→ EXERCISE DIRECTIONS
Read each line of the material and note whether it contains "both". Give the number of such lines and nothing else.

→ DATA EXTRACT
(* For every uncountable compact line $L$, the compact line $K=L^\omega$ (the set of all sequences in $L$) endowed with the lexicographic order is not separably determined.
   Context: A compact line is a totally ordered set which is compact in its order topology; $L^\omega$ with the lexicographic order is a compact line. For a compact line $H$, $H^+$ is the set of right-isolated points of $H$ ($\max H$ or points with an immediate successor in $H$). $\mathrm{NBV}(K)$ is the space of right-continuous real maps of bounded variation on $K$, identified with $C(K)^*$ via $F_\mu(t)=\mu([\min K,t])$. $\lim_{i\in I}a_i=0$ means $\{i:|a_i|\ge\varepsilon\}$ is finite for each $\varepsilon>0$; $c_0(I)$ is the space of such families. $(F_i)_{i\in I}$ in $\mathrm{NBV}(K)$ is weak*-null if $\lim_{i\in I}\int f\,d\mu_i=0$ for all $f\in C(K)$, $\mu_i$ associated to $F_i$. $(F_i)$ is of type $c_0\ell_1$ over $Q\subseteq K$ if $F_i(t)=a_{i,t}+b_{i,t}$ ($i\in I$, $t\in Q$) with $\lim_{i\in I}a_{i,t}=0$ for each $t\in Q$ and $\sup_i\sum_{t\in Q}|b_{i,t}|<\infty$. A compact line $K$ is separably determined if for every weak*-null family $(F_i)_{i\in I}$ in $\mathrm{NBV}(K)$ and every $Q\subseteq K$: whenever $\{t\in Q\cap(H\setminus H^+):(F_i(t))_{i\in I}\notin c_0(I)\}$ is countable for every closed separable $H\subseteq K$, the family is of type $c_0\ell_1$ over $Q$. *)

From Stdlib Require Import Reals List.
Import ListNotations.
Open Scope R_scope.

Section LinearOrders.
Variable T : Type.
Variable lt : T -> T -> Prop.

Definition strict_linear_order : Prop :=
  (forall x, ~ lt x x) /\
  (forall x y z, lt x y -> lt y z -> lt x z) /\
  (forall x y, lt x y \/ x = y \/ lt y x).

(** membership in the interval (lo, hi), where None means unbounded;
    these are the basic open sets of the order topology *)
Definition in_int (lo hi : option T) (x : T) : Prop :=
  match lo with None => True | Some a => lt a x end /\
  match hi with None => True | Some b => lt x b end.

Definition order_open (U : T -> Prop) : Prop :=
  forall x, U x -> exists lo hi, in_int lo hi x /\ forall y, in_int lo hi y -> U y.

Definition order_closed (H : T -> Prop) : Prop :=
  order_open (fun x => ~ H x).

Definition order_compact : Prop :=
  forall (J : Type) (U : J -> T -> Prop),
    (forall j, order_open (U j)) -> (forall x, exists j, U j x) ->
    exists s : list J, forall x, exists j, In j s /\ U j x.

Definition compact_line : Prop := strict_linear_order /\ order_compact.

Definition countable_set (A : T -> Prop) : Prop :=
  exists g : T -> nat, forall x y, A x -> A y -> g x = g y -> x = y.

Definition separable_set (H : T -> Prop) : Prop :=
  exists D : T -> Prop, (forall x, D x -> H x) /\ countable_set D /\
    forall x, H x -> forall lo hi, in_int lo hi x -> exists d, D d /\ in_int lo hi d.

Definition right_isolated (H : T -> Prop) (t : T) : Prop :=
  H t /\ ((forall s, H s -> ~ lt t s) \/
          exists s, H s /\ lt t s /\ ~ exists u, H u /\ lt t u /\ lt u s).

Definition continuous_fun (f : T -> R) : Prop :=
  forall x eps, 0 < eps -> exists lo hi, in_int lo hi x /\
    forall y, in_int lo hi y -> Rabs (f y - f x) < eps.

Fixpoint incr (l : list T) : Prop :=
  match l with
  | x :: ((y :: _) as r) => lt x y /\ incr r
  | _ => True
  end.

Fixpoint var_sum (F : T -> R) (l : list T) : R :=
  match l with
  | x :: ((y :: _) as r) => Rabs (F y - F x) + var_sum F r
  | _ => 0
  end.

Definition right_continuous (F : T -> R) : Prop :=
  forall t eps, 0 < eps ->
    (forall s, ~ lt t s) \/
    exists u, lt t u /\ forall s, lt t s -> lt s u -> Rabs (F s - F t) < eps.

Definition bounded_variation (F : T -> R) : Prop :=
  exists M, forall l, incr l -> var_sum F l <= M.

Definition NBV (F : T -> R) : Prop := right_continuous F /\ bounded_variation F.

Definition partition (l : list T) : Prop :=
  incr l /\ match l with
            | [] => False
            | x :: _ => (forall y, ~ lt y x) /\ (forall y, ~ lt (last l x) y)
            end.

Fixpoint rs_tail (F f : T -> R) (l : list T) : R :=
  match l with
  | x :: ((y :: _) as r) => f y * (F y - F x) + rs_tail F f r
  | _ => 0
  end.

(** Stieltjes sum: f(t_0) mu_F({t_0}) + sum_k f(t_k) mu_F((t_{k-1}, t_k]) *)
Definition rs_sum (F f : T -> R) (l : list T) : R :=
  match l with
  | [] => 0
  | x :: _ => f x * F x + rs_tail F f l
  end.
(* Let $(G,+)$ be an abelian group with identity $0$. Let $M$ be a matroid over $G$ and let $N$ be a sparse paving matroid over $G$, both of the same rank $n$, such that $0\notin E(N)$. Assume further that one of the following holds: (1) $|E(M)|<\min\{|E(N)|-1,\,p(G)\}$; or (2) $E(M)$ is not a progression, $G$ is finite, $|E(M)|=|E(N)|-1$ and $|E(N)|<p(G)$; or (3) $E(M)$ is neither a progression nor a semi-progression, $G$ is finite and $|E(M)|=|E(N)|<p(G)$; or (4) $|E(M)|<|E(N)|-n-1$. Then $M$ is matched to $N$.
   Context: $p(G)$ denotes the smallest cardinality of a nonzero subgroup of $G$. A matroid over $G$ is a matroid $M$ whose finite ground set $E(M)$ is a subset of $G$; all matroids are assumed loopless. A matroid of rank $n$ is paving if every $(n-1)$-element subset of its ground set is independent; it is sparse paving if both it and its dual matroid are paving. A progression of length $k$ with difference $x$ and initial term $a$ ($x,a\in G$) is a set $\{a,a+x,\dots,a+(k-1)x\}$; a set $A$ is a semi-progression if $A\setminus\{a\}$ is a progression for some $a\in A$. For matroids $M,N$ over $G$ with $r(M)=r(N)=n>0$ and bases $\mathcal{M}=\{a_1,\dots,a_n\}$ of $M$ and $\mathcal{N}=\{b_1,\dots,b_n\}$ of $N$, $\mathcal{M}$ is matched to $\mathcal{N}$ if there is a permutation $\pi\in S_n$ with $a_i+b_{\pi(i)}\notin E(M)$ for all $i$. $M$ is matched to $N$ if for every basis $\mathcal{M}$ of $M$ there exists a basis $\mathcal{N}$ of $N$ such that $\mathcal{M}$ is matched to $\mathcal{N}$. *)

From HB Require Import structures.
From mathcomp Require Import all_boot all_order all_algebra.
From mathcomp Require Import finmap.
Set Implicit Arguments. Unset Strict Implicit. Unset Printing Implicit Defensive.
Import GRing.Theory.
Local Open Scope fset_scope.
Local Open Scope ring_scope.

Record matroid_over (G : zmodType) := MatroidOver {
  ground : {fset G};
  indep : {fset G} -> Prop }.

Section Matroids.
Variable G : zmodType.
Implicit Types (M : matroid_over G) (I J S A B : {fset G}).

→ EXERCISE ANSWER
2